To build our PoC and to execute it, we are going to need just a few classes. We will start with a basic Spring Boot project with the ‘web’ starter. And, once we have that in place (you can use the Spring Initializr) we can start adding our classes.

Let’s start with a very basic ‘User’ model

public class User {

    private String firstname;
    private String lastname;

    public String getFirstname() {
        return firstname;
    }

    public User setFirstname(String firstname) {
        this.firstname = firstname;
        return this;
    }

    public String getLastname() {
        return lastname;
    }

    public User setLastname(String lastname) {
        this.lastname = lastname;
        return this;
    }

    @Override
    public String toString() {
        return "User{" +
                "firstname='" + firstname + '\'' +
                ", lastname='" + lastname + '\'' +
                '}';
    }
}

Nothing out of the ordinary here. Just a couple of properties and some getter and setter methods.

Now, let’s build a basic service that is going to simulate a ‘register’ operation:

...
import org.springframework.context.ApplicationEventPublisher;
...

@Service
public class UserService {

    private static final Logger logger = LoggerFactory.getLogger(UserService.class);

    private final ApplicationEventPublisher publisher;

    public UserService(ApplicationEventPublisher publisher) {
        this.publisher = publisher;
    }

    public void register(final User user) {
        logger.info("Registering {}", user);

        publisher.publishEvent(new UserRegistered(user));
    }
}

Here we have the first references to the event classes the Spring Framework offers us. The ‘ApplicationEventPublished’ that it will allow us to publish the desired event to be consumer by listeners.

The second reference we are going to have to the events framework is when we create and event class we are going to send. In this case, the class ‘UserRegistered’ we can see on the publishing line above.

...
import org.springframework.context.ApplicationEvent;

public class UserRegistered extends ApplicationEvent {

    public UserRegistered(User user) {
        super(user);
    }
}

As we can see, extending the class ‘ApplicationEvent’ we have very easily something we can publish and listen to it.

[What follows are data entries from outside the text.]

Lemma line_dist_pow_derive2 c e k t : 0 <= e ->
  ex_derive (fun s => INR (k + 2) * (s - c) * line_dist c e s ^ k) t /\
  INR (k + 2) * line_dist c e t ^ k
    <= Derive (fun s => INR (k + 2) * (s - c) * line_dist c e s ^ k) t.
Proof.
  intros He.
  assert (Hk : 0 < INR (k + 2)) by (apply lt_0_INR; lia).
  enough (exists v, is_derive (fun s => INR (k + 2) * (s - c) * line_dist c e s ^ k) t v /\
                    INR (k + 2) * line_dist c e t ^ k <= v) as [v [Hv Hle]].
  { split; [now exists v|]. erewrite is_derive_unique; [exact Hle | exact Hv]. }
  destruct (Rlt_or_le 0 ((t - c) ^ 2 + e)) as [Hq|Hq].
  - assert (HN : 0 < line_dist c e t) by (apply sqrt_lt_R0; lra).
    assert (Hlin : is_derive (fun s => INR (k + 2) * (s - c)) t (INR (k + 2)))
      by (auto_derive; [exact I | ring]).
    assert (Hpow := is_derive_pow _ k _ _ (line_dist_derive c e t Hq)).
    eexists; split; [exact (is_derive_mult _ _ _ _ _ Hlin Hpow Rmult_comm)|].
    set (N := line_dist c e t) in *.
    assert (Hrest : 0 <= INR (k + 2) * (t - c) * (INR k * ((t - c) / N) * N ^ Nat.pred k)).
    { replace (INR (k + 2) * (t - c) * (INR k * ((t - c) / N) * N ^ Nat.pred k))
        with (INR (k + 2) * INR k * (t - c) ^ 2 * / N * N ^ Nat.pred k) by (field; lra).
      assert (0 <= INR k) by apply pos_INR.
      assert (0 <= (t - c) ^ 2) by apply pow2_ge_0.
      apply Rmult_le_pos; [apply Rmult_le_pos; [|apply Rlt_le, Rinv_0_lt_compat; lra]|apply pow_le; lra].
      apply Rmult_le_pos; [apply Rmult_le_pos|]; lra. }
    change (INR (k + 2) * N ^ k
            <= INR (k + 2) * N ^ k + INR (k + 2) * (t - c) * (INR k * ((t - c) / N) * N ^ Nat.pred k)).
    lra.
  - destruct (line_dist_vanishing c e t He Hq) as [-> ->].
    exists (INR (k + 2) * line_dist c 0 c ^ k); split; [|lra].
    assert (Hform : forall s, (s - c) * (INR (k + 2) * line_dist c 0 s ^ k)
                              = INR (k + 2) * (s - c) * line_dist c 0 s ^ k)
      by (intro s; ring).
    apply (is_derive_ext _ _ _ _ Hform).
    apply (is_derive_linear_factor (fun s => INR (k + 2) * line_dist c 0 s ^ k)).
    apply (continuous_mult (fun _ => INR (k + 2)) (fun s => line_dist c 0 s ^ k)).
    + apply continuous_const.
    + apply continuous_pow, line_dist_continuous.
Qed.

(* proj_coord u r = <u, r> is the abscissa of the projection of r on the line R u,
   and line_gap u r the squared distance from r to that line. *)
Definition proj_coord (u r : vec3) : R := vx u * vx r + vy u * vy r + vz u * vz r.

Definition line_gap (u r : vec3) : R :=
  (vx r - proj_coord u r * vx u) ^ 2 + (vy r - proj_coord u r * vy u) ^ 2
  + (vz r - proj_coord u r * vz u) ^ 2.

Lemma line_gap_nonneg u r : 0 <= line_gap u r.
Proof.
  unfold line_gap.
  assert (H1 := pow2_ge_0 (vx r - proj_coord u r * vx u)).
  assert (H2 := pow2_ge_0 (vy r - proj_coord u r * vy u)).
  assert (H3 := pow2_ge_0 (vz r - proj_coord u r * vz u)). lra.
Qed.

Lemma varrho_line_dist u rd j t : norm3 u = 1 ->
  varrho u rd j t = line_dist (proj_coord u (rd j)) (line_gap u (rd j)) t.
Proof.
  unfold varrho, line_dist, line_gap, proj_coord, norm3, sub3, scal3, vx, vy, vz.
  destruct u as [[a b] c]; destruct (rd j) as [[x y] z]; cbn [fst snd]; intros Hu.
  assert (Hunit : a ^ 2 + b ^ 2 + c ^ 2 = 1).
  { assert (0 <= a ^ 2 + b ^ 2 + c ^ 2) by (assert (H1 := pow2_ge_0 a);
      assert (H2 := pow2_ge_0 b); assert (H3 := pow2_ge_0 c); lra).
    rewrite <- (sqrt_sqrt _ H), Hu; ring. }
  f_equal; set (p := a * x + b * y + c * z).
  transitivity ((t - p) ^ 2 + ((x - p * a) ^ 2 + (y - p * b) ^ 2 + (z - p * c) ^ 2)
                + (a ^ 2 + b ^ 2 + c ^ 2 - 1) * (t ^ 2 - p ^ 2)); [unfold p; ring|].
  rewrite Hunit; ring.
Qed.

Now. let’s implements some listeners. The first of them is going to be one implementing the class ‘ApplicationListener’ and, the second one, it is going to be annotation based. Two simple options offered by Spring to build our listeners.

...
import org.springframework.context.ApplicationListener;
import org.springframework.context.event.EventListener;
import org.springframework.stereotype.Component;

public class UserListeners {

    // Technical note: By default listener events return 'void'. If an object is returned, it will be published as an event

    /**
     * Example of event listener using the implementation of {@link ApplicationListener}
     */
    static class RegisteredListener implements ApplicationListener<UserRegistered> {

        private static final Logger logger = LoggerFactory.getLogger(RegisteredListener.class);

        @Override
        public void onApplicationEvent(UserRegistered event) {
            logger.info("Registration event received for {}", event);
        }
    }

    /**
     * Example of annotation based event listener
     */
    @Component
    static class RegisteredAnnotatedListener {

        private static final Logger logger = LoggerFactory.getLogger(RegisteredAnnotatedListener.class);

        @EventListener
        void on(final UserRegistered event) {
            logger.info("Annotated registration event received for {}", event);
        }
    }
}

As we can see, very basic stuff. It is worth it to mention the ‘Technical note’. By default, the listener methods return ‘void’, they are initially design to received an event, do some stuff and finish. But, obviously, they can at the same time publish some messages, we can achieve this easily, returning an object. The returned object will be published as any other event.

Once we have all of this, let’s build a simple controller to run the process:

@RestController
@RequestMapping("/api/users")
public class UserController {

    private final UserService userService;

    public UserController(UserService userService) {
        this.userService = userService;
    }

    @GetMapping
    @ResponseStatus(HttpStatus.CREATED)
    public void register(@RequestParam("firstname") final String firstname,
                         @RequestParam("lastname") final String lastname) {
        Objects.requireNonNull(firstname);
        Objects.requireNonNull(lastname);

        userService.register(new User().setFirstname(firstname).setLastname(lastname));
    }
}

Nothing out of the ordinary, simple stuff.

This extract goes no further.